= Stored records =

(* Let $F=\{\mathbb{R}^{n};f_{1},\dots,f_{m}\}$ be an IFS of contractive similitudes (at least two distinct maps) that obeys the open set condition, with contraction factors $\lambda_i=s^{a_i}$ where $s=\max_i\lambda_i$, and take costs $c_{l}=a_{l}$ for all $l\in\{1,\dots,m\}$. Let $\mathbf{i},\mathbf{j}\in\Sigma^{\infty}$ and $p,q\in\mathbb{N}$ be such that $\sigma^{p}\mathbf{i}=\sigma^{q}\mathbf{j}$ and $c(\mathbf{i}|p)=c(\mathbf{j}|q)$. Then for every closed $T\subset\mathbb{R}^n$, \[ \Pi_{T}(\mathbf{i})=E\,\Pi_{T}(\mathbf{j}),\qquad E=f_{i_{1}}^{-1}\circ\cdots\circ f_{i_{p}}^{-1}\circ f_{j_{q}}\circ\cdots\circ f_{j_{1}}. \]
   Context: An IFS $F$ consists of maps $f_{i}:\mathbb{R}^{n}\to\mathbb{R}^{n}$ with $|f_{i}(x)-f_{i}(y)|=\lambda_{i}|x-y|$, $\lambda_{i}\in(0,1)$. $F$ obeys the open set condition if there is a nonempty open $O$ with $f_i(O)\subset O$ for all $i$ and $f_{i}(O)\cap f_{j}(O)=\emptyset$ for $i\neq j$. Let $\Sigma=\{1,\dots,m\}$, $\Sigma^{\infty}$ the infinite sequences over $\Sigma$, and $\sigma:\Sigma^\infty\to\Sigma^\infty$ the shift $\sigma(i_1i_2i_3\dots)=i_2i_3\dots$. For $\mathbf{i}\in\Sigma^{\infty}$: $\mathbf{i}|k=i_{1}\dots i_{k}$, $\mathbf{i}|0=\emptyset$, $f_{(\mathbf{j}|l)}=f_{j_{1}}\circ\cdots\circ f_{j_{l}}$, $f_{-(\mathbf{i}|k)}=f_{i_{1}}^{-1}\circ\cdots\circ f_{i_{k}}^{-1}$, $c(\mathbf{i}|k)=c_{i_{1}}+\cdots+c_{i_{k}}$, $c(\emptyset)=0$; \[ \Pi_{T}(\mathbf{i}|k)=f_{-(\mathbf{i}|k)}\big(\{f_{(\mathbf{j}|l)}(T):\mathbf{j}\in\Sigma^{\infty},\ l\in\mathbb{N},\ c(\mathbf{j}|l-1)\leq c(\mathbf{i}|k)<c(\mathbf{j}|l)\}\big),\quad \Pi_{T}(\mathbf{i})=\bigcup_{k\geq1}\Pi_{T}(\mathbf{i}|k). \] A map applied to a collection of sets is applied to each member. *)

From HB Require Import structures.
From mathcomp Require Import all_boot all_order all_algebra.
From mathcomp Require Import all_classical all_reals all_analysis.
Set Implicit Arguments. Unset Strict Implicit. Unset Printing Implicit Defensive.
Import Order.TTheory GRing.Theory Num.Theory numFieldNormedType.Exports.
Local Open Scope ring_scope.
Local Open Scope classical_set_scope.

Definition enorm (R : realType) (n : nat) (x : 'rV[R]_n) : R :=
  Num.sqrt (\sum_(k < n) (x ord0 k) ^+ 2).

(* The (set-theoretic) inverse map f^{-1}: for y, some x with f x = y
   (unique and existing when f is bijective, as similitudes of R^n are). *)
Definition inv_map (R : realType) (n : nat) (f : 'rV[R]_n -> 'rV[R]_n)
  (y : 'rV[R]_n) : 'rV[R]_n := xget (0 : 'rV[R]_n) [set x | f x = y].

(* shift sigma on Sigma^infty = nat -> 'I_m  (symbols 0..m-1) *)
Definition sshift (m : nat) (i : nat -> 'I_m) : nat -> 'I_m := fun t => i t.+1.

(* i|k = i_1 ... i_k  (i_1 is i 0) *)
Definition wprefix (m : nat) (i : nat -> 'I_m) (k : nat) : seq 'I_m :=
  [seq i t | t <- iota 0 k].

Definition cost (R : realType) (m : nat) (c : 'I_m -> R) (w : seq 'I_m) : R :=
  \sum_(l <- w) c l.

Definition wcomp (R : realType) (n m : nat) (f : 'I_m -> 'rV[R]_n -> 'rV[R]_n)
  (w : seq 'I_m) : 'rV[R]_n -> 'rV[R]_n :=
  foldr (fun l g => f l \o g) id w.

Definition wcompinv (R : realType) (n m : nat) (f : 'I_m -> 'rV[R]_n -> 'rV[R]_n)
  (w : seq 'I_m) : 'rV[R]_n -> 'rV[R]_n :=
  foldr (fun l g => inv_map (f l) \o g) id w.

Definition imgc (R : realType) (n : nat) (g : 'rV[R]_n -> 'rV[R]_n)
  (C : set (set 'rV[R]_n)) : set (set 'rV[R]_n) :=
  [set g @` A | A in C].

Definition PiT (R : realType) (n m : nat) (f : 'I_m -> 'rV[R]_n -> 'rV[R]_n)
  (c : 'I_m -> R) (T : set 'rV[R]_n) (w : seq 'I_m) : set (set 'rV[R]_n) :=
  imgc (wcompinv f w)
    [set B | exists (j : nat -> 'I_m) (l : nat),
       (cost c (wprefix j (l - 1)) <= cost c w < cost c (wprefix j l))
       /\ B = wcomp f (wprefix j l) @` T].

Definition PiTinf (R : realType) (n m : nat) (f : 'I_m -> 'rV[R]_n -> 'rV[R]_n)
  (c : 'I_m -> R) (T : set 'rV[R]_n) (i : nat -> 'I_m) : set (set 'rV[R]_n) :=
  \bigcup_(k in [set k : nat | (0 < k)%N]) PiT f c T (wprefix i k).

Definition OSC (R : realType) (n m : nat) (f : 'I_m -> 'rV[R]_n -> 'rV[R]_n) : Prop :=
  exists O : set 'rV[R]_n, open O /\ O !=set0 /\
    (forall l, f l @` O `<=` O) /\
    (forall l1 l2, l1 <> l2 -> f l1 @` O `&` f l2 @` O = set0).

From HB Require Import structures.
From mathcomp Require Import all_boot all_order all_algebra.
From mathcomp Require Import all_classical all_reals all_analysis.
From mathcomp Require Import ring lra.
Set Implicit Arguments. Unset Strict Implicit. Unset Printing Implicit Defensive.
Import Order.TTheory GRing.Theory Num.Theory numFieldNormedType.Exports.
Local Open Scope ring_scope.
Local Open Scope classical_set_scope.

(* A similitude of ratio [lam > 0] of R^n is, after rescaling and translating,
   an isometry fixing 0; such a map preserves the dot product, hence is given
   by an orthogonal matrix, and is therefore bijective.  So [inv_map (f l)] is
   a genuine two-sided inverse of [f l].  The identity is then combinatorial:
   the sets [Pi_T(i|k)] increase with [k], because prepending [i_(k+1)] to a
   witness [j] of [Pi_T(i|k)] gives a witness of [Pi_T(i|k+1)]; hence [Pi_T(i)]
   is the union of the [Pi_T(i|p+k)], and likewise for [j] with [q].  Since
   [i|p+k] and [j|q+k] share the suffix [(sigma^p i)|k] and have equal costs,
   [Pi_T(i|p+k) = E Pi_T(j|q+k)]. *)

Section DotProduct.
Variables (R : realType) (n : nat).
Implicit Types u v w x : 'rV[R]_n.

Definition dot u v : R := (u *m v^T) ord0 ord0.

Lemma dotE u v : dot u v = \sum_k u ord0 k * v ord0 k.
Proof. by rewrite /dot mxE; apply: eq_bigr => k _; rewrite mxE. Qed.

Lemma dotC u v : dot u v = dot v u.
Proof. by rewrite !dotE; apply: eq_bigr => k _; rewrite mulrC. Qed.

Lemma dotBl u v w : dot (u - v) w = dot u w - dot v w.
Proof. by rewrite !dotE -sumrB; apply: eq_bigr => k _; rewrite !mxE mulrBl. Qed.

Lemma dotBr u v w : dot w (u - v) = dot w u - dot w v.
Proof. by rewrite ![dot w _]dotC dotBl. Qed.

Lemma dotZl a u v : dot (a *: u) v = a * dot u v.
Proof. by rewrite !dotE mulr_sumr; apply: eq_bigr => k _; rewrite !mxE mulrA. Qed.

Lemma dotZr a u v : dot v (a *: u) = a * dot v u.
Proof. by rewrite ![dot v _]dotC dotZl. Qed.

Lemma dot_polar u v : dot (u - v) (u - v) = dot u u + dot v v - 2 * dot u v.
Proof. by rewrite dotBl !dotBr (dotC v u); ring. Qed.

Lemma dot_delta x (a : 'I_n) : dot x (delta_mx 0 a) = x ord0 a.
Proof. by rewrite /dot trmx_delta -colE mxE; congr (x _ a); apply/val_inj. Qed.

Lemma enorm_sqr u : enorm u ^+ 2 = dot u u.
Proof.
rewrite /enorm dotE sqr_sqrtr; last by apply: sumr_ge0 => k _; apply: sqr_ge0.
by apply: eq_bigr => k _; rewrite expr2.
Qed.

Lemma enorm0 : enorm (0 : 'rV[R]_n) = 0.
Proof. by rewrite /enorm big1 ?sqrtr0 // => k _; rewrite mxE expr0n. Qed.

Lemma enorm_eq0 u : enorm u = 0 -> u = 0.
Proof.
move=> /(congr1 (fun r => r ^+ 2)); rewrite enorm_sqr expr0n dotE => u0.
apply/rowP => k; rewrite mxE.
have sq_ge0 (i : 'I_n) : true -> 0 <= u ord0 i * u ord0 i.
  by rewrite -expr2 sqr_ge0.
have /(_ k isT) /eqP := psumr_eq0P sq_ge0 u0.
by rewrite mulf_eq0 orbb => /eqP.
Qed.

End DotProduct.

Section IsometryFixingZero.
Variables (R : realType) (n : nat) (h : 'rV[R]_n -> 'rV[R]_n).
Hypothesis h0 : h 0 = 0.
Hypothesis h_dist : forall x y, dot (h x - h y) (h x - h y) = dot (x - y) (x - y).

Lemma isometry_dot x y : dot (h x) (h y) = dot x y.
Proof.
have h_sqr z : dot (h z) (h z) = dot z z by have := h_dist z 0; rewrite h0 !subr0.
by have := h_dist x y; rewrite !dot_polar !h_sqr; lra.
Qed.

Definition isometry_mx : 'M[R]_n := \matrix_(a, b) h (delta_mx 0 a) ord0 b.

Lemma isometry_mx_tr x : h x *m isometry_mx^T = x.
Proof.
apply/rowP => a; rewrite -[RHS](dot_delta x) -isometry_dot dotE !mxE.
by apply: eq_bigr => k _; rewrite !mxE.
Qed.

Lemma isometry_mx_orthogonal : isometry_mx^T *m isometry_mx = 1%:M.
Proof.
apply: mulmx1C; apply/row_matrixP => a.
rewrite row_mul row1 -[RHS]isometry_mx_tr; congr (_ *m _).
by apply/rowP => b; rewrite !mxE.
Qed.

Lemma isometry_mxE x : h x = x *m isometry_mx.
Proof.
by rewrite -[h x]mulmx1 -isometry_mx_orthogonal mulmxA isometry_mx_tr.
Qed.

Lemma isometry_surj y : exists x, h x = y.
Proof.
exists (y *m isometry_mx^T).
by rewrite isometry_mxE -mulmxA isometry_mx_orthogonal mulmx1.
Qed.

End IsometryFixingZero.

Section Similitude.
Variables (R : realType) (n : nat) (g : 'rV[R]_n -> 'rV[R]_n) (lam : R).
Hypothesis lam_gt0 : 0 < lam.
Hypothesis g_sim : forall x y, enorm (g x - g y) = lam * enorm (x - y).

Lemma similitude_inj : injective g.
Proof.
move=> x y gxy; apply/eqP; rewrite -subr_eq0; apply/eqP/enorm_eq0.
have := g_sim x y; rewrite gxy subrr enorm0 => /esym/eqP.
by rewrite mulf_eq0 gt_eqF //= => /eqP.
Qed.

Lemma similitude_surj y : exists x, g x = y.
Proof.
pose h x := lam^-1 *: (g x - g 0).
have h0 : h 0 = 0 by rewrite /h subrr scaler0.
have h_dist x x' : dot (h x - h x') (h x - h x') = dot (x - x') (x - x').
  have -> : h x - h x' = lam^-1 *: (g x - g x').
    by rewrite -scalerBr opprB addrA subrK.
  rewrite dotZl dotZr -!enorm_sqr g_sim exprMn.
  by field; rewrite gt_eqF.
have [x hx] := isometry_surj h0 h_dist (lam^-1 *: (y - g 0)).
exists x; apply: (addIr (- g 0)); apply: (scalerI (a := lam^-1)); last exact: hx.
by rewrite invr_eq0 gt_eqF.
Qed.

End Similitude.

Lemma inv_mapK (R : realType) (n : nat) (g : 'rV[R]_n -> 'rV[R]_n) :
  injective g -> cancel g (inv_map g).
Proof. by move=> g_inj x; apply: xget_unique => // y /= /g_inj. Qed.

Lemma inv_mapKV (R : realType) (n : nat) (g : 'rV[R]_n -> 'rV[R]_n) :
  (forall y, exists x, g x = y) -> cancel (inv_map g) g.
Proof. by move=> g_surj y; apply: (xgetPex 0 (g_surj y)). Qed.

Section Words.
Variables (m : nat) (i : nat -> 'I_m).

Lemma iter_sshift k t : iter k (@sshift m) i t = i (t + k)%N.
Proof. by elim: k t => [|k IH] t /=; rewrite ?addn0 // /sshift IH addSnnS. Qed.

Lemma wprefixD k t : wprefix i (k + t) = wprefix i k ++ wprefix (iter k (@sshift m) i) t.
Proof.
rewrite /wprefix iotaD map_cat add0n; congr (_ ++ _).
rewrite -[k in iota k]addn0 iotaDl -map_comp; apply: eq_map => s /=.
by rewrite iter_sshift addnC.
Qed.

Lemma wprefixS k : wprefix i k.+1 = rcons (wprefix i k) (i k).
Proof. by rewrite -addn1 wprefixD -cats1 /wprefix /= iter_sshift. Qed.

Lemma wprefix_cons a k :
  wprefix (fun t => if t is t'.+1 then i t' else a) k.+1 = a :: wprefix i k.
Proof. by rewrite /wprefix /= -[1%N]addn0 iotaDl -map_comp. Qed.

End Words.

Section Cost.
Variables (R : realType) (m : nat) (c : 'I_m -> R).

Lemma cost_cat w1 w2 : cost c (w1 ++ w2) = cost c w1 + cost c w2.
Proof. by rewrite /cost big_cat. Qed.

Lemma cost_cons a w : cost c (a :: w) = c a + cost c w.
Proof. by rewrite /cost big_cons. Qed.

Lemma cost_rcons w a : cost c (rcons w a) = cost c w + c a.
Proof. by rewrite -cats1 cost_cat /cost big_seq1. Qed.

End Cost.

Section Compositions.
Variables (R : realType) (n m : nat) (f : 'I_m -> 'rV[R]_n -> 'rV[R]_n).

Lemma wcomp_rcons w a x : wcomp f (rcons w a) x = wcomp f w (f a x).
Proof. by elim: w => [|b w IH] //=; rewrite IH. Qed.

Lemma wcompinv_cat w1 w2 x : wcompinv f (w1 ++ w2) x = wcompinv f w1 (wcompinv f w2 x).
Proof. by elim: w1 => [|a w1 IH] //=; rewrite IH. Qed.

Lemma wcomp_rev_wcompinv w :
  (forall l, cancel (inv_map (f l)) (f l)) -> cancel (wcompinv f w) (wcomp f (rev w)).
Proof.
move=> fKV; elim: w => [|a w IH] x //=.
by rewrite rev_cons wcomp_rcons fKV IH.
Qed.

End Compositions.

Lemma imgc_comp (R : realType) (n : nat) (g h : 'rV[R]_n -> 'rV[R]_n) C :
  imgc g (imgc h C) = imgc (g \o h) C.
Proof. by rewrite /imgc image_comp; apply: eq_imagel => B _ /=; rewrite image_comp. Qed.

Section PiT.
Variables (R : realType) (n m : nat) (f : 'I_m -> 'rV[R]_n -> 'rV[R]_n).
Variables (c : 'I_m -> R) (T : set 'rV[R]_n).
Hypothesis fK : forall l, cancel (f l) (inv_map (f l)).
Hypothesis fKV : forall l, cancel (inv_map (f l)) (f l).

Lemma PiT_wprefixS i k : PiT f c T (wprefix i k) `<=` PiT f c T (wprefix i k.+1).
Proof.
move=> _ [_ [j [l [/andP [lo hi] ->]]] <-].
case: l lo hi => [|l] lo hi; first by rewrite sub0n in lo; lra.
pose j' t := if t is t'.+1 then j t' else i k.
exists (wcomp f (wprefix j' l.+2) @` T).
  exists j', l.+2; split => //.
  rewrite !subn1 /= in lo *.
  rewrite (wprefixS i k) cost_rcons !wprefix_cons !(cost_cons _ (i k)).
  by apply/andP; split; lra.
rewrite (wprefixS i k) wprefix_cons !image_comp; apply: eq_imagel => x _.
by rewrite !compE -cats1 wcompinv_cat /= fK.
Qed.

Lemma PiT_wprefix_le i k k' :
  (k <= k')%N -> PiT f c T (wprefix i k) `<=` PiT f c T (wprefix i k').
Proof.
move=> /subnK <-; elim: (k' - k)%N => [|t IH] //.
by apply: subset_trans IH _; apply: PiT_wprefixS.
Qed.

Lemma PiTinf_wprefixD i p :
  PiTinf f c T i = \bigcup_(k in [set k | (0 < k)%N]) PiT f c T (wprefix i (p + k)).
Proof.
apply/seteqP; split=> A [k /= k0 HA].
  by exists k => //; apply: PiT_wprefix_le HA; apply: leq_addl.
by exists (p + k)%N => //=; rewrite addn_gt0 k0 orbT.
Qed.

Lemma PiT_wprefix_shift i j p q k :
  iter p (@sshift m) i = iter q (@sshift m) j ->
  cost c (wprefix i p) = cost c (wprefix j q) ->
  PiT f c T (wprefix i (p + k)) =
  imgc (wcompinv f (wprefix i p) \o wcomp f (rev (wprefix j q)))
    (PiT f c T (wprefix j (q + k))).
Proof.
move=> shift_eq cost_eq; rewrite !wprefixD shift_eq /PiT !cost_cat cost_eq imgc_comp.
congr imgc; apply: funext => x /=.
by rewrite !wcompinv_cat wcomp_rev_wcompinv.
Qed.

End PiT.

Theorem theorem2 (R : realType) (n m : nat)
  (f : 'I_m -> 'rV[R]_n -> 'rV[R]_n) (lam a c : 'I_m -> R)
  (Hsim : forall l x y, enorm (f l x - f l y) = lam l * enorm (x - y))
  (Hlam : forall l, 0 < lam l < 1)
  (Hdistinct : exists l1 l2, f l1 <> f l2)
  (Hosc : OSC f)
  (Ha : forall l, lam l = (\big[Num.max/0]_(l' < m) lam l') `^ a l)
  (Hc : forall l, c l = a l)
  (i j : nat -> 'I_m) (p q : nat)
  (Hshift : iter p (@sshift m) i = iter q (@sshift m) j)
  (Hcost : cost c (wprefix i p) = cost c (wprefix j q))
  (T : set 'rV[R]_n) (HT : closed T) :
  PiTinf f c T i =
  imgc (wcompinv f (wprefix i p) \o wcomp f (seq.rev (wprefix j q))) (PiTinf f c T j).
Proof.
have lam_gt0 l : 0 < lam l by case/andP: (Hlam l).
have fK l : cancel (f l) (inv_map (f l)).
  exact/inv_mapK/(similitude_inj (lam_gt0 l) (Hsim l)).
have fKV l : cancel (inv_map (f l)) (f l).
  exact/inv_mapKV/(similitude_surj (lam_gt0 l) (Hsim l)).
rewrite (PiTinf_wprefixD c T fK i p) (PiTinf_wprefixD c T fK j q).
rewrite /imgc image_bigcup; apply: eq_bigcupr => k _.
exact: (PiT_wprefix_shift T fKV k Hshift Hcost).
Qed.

= Work request =
Above this instruction are the records; retype exactly the lines from the one containing "Lemma similitude_surj y : exists x, g x = y." up to and including the one containing "Lemma inv_mapKV (R".

= Your response =
Lemma similitude_surj y : exists x, g x = y.
Proof.
pose h x := lam^-1 *: (g x - g 0).
have h0 : h 0 = 0 by rewrite /h subrr scaler0.
have h_dist x x' : dot (h x - h x') (h x - h x') = dot (x - x') (x - x').
  have -> : h x - h x' = lam^-1 *: (g x - g x').
    by rewrite -scalerBr opprB addrA subrK.
  rewrite dotZl dotZr -!enorm_sqr g_sim exprMn.
  by field; rewrite gt_eqF.
have [x hx] := isometry_surj h0 h_dist (lam^-1 *: (y - g 0)).
exists x; apply: (addIr (- g 0)); apply: (scalerI (a := lam^-1)); last exact: hx.
by rewrite invr_eq0 gt_eqF.
Qed.

End Similitude.

Lemma inv_mapK (R : realType) (n : nat) (g : 'rV[R]_n -> 'rV[R]_n) :
  injective g -> cancel g (inv_map g).
Proof. by move=> g_inj x; apply: xget_unique => // y /= /g_inj. Qed.

Lemma inv_mapKV (R : realType) (n : nat) (g : 'rV[R]_n -> 'rV[R]_n) :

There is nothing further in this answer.